Parameterized Compilation Lower Bounds for Restricted CNF-formulas
This provides foundational insights into the complexity of knowledge compilation, showing that certain graph parameters behave differently from treewidth, which is significant for researchers in computational logic and AI.
The paper tackles the problem of knowledge compilation for restricted CNF-formulas by showing unconditional parameterized lower bounds on the size of DNNF circuits, with results including sizes of n^{Ω(k)} for modular incidence treewidth and n^{Ω(√k)} for incidence neighborhood diversity.

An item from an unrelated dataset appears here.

(* Assume $|p_1|=\Gamma_{\mathrm{rel}}\ell$ and $g[\![\rho]\!]-\Gamma_{\mathrm{rel}}^2\coth(p_1/\Gamma_{\mathrm{rel}})<0$, and let $\lambda^*>0$ be the unique solution of $g[\![\rho]\!]=\Gamma_{\mathrm{rel}}^2\coth(p_1/\Gamma_{\mathrm{rel}})-\lambda^2\coth((p_1-p_0)/\lambda)$. Then the null space of the linear operator $\mathcal L_{\lambda^*}:X\to Y$ is one-dimensional.
   Context: Constants $g>0$, $\ell>0$, $p_0<p_1<0$, $[\![\rho]\!]<0$, $\Gamma_{\mathrm{rel}}>0$. Period $2\pi$ in $q$. $D_1=\{(q,p):p_1<p<0\}$, $D_2=\{(q,p):p_0<p<p_1\}$, $D=D_1\cup D_2$, $I=\{p=p_1\}$, $T=\{p=0\}$; $f^{(i)}=f|_{D_i}$, $[\![f]\!]=f^{(1)}|_I-f^{(2)}|_I$. $C^{k+\alpha}_{\mathrm{per}}$ means $C^{k+\alpha}$, $2\pi$-periodic and even in $q$; $d(\varphi)=\frac1{2\pi}\int_{-\pi}^\pi\varphi(q,p_1)dq$. $X=\{\varphi\in C^{2+\alpha}_{\mathrm{per}}(\overline D\setminus I)\cap C^{\alpha}_{\mathrm{per}}(\overline D):\varphi|_{p=p_0}=0,\ \varphi^{(i)}\in C^{1+\alpha}_{\mathrm{per}}(\overline{D_i})\}$, $Y=Y_1\times Y_2\times Y_3\times Y_4$ with $Y_1=C^{2+\alpha}_{\mathrm{per}}(\overline{D_1}\setminus I)\cap C^\alpha_{\mathrm{per}}(\overline{D_1})$, $Y_2=C^{2+\alpha}_{\mathrm{per}}(\overline{D_2}\setminus I)\cap C^\alpha_{\mathrm{per}}(\overline{D_2})$, $Y_3=C^\alpha_{\mathrm{per}}(I)$, $Y_4=C^{2+\alpha}_{\mathrm{per}}(T)$. For $\lambda>0$ let $H_p=1/\Gamma_{\mathrm{rel}}$ on $D_1$, $H_p=1/\lambda$ on $D_2$ (derivative of the laminar solution), and let $\mathcal L_\lambda$ (the Fréchet derivative at $w=0$ of the height-equation operator linearized about the laminar flow) be $\mathcal L_\lambda\varphi=\big((\partial_p^2+H_p^2\partial_q^2)\varphi^{(1)},\ (\partial_p^2+H_p^2\partial_q^2)\varphi^{(2)},\ 2[\![H_p^{-3}\varphi_p]\!]-2g[\![\rho]\!]\varphi|_I,\ (\varphi-d(\varphi))|_T\big)$. *)

From Stdlib Require Export Reals.
From Coquelicot Require Export Coquelicot.
Open Scope R_scope.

We show unconditional parameterized lower bounds in the area of knowledge compilation, more specifically on the size of circuits in decomposable negation normal form (DNNF) that encode CNF-formulas restricted by several graph width measures. In particular, we show that - there are CNF formulas of size $n$ and modular incidence treewidth $k$ whose smallest DNNF-encoding has size $n^{Ω(k)}$, and - there are CNF formulas of size $n$ and incidence neighborhood diversity $k$ whose smallest DNNF-encoding has size $n^{Ω(\sqrt{k})}$. These results complement recent upper bounds for compiling CNF into DNNF and strengthen---quantitatively and qualitatively---known conditional low\-er bounds for cliquewidth. Moreover, they show that, unlike for many graph problems, the parameters considered here behave significantly differently from treewidth.